[DATA SECTION]:
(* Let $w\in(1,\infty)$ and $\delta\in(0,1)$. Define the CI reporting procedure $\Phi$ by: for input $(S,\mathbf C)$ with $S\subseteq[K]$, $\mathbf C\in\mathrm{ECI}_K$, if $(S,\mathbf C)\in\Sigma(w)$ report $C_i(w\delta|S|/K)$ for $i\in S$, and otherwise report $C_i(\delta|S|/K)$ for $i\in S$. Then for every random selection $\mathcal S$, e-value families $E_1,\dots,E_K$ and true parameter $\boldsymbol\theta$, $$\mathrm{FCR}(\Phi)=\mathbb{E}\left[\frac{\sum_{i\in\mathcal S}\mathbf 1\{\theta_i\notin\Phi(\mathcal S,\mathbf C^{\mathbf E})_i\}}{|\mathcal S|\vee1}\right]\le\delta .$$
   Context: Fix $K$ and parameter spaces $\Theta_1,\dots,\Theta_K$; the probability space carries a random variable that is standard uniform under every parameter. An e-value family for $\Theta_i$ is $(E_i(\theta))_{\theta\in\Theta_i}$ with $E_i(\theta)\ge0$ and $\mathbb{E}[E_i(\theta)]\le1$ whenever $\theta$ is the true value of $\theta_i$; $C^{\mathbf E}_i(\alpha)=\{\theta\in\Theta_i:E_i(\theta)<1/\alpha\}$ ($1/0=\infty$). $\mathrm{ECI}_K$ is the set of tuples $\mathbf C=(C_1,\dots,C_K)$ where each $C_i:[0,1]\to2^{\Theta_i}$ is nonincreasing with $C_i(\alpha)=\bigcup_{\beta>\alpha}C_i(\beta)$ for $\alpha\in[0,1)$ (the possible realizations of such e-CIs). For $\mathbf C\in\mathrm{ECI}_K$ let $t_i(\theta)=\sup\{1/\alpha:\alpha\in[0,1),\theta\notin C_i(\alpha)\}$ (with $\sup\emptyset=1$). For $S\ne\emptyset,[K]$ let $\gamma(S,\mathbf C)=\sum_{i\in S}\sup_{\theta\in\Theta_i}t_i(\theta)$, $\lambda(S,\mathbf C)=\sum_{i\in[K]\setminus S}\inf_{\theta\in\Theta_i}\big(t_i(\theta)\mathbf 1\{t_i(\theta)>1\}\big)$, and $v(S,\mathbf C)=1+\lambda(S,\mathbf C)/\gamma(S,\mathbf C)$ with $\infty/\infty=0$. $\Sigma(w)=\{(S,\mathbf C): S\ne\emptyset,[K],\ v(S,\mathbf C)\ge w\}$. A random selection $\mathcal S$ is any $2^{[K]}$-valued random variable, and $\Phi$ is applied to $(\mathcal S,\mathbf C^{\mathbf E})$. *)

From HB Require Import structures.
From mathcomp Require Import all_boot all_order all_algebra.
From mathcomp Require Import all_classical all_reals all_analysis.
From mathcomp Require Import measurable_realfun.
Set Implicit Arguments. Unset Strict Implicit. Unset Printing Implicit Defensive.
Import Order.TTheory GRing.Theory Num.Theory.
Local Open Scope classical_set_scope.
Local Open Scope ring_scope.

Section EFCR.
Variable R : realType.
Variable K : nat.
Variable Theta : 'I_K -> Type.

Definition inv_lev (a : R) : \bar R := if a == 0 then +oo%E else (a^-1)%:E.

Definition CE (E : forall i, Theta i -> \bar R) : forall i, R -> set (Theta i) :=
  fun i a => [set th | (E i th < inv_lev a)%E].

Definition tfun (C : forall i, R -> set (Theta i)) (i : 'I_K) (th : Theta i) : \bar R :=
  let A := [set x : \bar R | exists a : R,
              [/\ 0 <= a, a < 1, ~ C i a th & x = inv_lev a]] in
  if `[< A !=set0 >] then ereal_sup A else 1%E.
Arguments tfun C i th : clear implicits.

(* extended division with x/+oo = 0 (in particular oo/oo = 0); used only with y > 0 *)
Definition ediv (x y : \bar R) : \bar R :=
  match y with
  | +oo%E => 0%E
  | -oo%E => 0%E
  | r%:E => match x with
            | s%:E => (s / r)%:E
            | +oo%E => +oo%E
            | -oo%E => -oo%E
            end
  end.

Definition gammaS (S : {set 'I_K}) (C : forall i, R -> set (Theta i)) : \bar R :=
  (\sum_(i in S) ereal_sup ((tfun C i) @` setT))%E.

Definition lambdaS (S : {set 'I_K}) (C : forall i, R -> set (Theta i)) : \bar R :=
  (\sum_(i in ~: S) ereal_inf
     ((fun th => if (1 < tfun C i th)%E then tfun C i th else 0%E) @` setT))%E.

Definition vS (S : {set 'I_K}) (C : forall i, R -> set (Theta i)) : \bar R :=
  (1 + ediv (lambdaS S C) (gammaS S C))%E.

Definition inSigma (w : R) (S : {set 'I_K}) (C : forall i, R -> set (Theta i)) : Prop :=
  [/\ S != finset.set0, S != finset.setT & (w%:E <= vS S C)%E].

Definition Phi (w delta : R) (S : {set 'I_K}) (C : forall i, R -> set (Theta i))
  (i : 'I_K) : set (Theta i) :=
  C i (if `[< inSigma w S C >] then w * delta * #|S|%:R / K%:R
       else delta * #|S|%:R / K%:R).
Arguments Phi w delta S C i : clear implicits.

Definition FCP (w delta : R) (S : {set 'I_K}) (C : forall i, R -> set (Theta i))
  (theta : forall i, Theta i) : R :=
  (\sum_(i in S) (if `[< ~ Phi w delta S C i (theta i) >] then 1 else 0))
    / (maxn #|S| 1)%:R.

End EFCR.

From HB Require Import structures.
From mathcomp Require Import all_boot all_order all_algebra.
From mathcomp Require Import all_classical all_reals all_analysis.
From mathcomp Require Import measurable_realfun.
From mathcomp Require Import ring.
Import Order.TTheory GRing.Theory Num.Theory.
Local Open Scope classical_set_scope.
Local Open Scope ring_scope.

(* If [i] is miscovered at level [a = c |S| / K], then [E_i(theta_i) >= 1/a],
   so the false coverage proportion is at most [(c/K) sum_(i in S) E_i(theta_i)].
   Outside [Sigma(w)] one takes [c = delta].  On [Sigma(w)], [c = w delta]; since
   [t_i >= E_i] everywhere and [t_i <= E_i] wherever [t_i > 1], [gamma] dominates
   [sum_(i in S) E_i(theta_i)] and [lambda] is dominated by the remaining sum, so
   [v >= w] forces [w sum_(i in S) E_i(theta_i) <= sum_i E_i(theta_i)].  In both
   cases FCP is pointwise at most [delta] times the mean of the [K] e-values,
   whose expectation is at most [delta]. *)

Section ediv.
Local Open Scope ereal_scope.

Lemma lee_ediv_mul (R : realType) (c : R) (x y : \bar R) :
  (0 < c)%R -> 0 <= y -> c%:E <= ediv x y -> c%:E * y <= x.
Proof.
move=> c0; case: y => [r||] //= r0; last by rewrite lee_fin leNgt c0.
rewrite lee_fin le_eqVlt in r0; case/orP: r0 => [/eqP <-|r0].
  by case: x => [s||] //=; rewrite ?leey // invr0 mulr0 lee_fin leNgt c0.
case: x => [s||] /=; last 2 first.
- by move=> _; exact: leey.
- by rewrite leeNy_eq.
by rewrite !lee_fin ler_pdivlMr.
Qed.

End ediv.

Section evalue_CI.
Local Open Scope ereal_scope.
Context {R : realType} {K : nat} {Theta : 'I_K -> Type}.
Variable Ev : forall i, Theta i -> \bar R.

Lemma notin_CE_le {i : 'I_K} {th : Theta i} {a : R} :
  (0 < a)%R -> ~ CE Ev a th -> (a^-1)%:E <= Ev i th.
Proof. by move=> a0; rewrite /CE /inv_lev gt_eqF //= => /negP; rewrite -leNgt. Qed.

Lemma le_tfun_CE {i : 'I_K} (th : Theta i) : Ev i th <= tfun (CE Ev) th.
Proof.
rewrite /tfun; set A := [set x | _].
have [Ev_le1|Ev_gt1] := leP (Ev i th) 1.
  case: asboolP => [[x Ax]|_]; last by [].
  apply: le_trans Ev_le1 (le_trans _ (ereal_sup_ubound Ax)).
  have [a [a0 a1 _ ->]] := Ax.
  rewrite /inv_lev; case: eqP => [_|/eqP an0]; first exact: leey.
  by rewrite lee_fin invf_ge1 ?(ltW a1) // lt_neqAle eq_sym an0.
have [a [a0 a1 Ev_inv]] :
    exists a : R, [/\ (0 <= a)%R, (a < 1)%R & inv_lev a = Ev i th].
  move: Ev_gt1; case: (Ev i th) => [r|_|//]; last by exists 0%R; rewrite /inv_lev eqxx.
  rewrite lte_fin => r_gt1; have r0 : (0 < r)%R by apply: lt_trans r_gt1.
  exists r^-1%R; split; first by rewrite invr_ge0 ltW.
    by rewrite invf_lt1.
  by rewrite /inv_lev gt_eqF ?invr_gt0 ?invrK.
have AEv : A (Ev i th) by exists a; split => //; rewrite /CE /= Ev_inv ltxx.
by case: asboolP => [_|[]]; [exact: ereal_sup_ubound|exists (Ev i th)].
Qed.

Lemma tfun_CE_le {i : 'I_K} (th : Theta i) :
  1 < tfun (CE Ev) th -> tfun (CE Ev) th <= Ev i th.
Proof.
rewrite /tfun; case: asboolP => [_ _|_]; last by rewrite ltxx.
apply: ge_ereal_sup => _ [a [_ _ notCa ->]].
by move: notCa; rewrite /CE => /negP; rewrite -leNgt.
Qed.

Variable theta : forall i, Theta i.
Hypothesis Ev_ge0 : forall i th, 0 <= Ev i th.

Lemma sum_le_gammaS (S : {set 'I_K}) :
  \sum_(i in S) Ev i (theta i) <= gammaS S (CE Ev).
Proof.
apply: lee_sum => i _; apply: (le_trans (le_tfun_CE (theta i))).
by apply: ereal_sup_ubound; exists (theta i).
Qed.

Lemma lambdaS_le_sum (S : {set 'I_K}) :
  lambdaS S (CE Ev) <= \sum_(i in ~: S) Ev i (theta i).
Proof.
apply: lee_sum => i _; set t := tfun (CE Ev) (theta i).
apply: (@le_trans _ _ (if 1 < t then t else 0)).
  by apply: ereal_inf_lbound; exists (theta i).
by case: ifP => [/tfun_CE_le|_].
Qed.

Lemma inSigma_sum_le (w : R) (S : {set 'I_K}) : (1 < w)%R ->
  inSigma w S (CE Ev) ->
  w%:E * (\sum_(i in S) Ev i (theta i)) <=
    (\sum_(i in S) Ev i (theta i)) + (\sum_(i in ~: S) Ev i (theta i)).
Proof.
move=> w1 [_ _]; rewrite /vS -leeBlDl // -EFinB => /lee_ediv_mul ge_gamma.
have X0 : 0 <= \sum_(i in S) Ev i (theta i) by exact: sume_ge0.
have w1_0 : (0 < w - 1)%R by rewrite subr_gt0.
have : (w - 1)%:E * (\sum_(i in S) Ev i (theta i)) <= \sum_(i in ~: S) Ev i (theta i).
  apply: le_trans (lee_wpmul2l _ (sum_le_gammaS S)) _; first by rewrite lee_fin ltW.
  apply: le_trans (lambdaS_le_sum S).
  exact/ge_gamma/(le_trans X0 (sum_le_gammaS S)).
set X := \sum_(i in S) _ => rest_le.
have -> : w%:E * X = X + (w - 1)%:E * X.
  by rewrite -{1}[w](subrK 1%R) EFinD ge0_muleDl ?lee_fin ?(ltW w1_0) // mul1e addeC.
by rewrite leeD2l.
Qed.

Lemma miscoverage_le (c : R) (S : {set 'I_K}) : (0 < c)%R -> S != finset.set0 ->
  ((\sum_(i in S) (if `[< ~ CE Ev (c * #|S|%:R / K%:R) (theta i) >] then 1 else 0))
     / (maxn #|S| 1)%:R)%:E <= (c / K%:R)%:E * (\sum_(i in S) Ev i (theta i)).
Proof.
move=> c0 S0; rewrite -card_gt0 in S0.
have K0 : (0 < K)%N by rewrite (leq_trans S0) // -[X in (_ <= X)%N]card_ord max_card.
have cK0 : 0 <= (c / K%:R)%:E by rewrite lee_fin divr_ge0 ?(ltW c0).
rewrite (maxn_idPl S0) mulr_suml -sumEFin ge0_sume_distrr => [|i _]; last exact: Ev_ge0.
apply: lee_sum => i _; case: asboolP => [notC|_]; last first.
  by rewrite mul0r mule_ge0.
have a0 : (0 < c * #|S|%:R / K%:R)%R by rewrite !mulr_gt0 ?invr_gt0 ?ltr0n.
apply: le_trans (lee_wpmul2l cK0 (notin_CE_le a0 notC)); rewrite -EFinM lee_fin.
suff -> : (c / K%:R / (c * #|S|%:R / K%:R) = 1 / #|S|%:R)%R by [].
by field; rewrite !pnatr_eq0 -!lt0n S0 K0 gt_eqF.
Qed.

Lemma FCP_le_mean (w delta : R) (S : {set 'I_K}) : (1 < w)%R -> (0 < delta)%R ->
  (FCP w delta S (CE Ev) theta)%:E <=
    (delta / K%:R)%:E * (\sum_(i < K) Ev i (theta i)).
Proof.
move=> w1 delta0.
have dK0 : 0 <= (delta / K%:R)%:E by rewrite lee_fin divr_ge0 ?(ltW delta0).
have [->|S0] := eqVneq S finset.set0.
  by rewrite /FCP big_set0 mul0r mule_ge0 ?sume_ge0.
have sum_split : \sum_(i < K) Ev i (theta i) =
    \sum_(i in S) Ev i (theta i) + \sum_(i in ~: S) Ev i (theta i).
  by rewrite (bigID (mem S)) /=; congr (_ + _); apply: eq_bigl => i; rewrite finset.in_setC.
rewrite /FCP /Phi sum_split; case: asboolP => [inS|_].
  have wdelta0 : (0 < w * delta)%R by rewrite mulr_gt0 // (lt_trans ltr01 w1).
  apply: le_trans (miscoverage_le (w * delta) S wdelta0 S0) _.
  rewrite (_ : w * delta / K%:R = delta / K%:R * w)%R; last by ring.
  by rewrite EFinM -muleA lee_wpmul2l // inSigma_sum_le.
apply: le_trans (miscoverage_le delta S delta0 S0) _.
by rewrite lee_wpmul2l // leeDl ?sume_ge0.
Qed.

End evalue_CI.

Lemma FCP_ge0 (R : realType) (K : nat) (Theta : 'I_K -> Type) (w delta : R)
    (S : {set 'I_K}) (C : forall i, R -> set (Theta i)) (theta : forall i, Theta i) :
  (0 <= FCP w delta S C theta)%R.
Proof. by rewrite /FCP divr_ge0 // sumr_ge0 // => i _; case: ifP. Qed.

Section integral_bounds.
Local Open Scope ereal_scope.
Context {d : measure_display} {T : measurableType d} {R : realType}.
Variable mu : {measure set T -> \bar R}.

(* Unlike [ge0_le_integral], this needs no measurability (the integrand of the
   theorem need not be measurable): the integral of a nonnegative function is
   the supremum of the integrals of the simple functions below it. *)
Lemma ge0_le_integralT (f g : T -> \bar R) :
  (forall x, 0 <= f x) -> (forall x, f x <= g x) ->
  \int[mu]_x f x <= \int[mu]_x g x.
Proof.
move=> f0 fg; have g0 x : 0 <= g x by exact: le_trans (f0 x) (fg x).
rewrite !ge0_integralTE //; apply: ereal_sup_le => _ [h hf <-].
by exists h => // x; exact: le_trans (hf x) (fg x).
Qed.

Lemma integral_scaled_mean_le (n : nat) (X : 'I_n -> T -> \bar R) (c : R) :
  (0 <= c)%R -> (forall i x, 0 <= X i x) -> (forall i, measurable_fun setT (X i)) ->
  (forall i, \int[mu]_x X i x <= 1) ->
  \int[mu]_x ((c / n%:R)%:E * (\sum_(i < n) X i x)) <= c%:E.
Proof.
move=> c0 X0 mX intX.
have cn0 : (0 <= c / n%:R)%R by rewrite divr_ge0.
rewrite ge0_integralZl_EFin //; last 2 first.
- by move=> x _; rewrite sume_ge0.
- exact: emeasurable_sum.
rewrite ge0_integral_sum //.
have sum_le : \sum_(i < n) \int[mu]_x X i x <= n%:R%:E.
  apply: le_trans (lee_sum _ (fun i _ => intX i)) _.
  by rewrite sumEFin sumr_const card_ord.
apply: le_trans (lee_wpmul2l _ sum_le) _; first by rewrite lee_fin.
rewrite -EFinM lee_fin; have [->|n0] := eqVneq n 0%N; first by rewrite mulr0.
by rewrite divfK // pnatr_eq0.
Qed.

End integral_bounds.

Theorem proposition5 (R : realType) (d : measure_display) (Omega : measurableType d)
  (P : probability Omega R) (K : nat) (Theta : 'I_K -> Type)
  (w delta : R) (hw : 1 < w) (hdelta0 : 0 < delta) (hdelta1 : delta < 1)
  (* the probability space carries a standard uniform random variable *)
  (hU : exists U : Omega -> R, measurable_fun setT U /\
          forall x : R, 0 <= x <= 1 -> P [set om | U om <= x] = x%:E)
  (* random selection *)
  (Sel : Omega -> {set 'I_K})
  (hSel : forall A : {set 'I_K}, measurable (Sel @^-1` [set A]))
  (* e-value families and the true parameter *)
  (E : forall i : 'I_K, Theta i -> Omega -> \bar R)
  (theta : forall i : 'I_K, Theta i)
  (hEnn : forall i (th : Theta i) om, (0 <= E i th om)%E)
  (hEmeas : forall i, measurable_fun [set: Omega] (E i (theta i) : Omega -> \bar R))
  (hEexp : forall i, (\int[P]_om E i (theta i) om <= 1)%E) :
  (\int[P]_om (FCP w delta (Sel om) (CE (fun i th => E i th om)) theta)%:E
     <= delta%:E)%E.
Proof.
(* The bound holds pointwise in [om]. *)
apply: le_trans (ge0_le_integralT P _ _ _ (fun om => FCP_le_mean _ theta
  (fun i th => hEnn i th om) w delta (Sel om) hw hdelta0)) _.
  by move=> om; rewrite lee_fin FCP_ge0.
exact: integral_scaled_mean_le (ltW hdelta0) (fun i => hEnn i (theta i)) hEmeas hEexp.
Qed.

[WHAT THE EXERCISE ASKS]:
Output only an exact transcription of the lines above from the one with "have K0 : (0" up to and including the one with "apply: le_trans (lee_wpmul2l cK0".

[ANSWER TO THIS EXERCISE]:
have K0 : (0 < K)%N by rewrite (leq_trans S0) // -[X in (_ <= X)%N]card_ord max_card.
have cK0 : 0 <= (c / K%:R)%:E by rewrite lee_fin divr_ge0 ?(ltW c0).
rewrite (maxn_idPl S0) mulr_suml -sumEFin ge0_sume_distrr => [|i _]; last exact: Ev_ge0.
apply: lee_sum => i _; case: asboolP => [notC|_]; last first.
  by rewrite mul0r mule_ge0.
have a0 : (0 < c * #|S|%:R / K%:R)%R by rewrite !mulr_gt0 ?invr_gt0 ?ltr0n.
apply: le_trans (lee_wpmul2l cK0 (notin_CE_le a0 notC)); rewrite -EFinM lee_fin.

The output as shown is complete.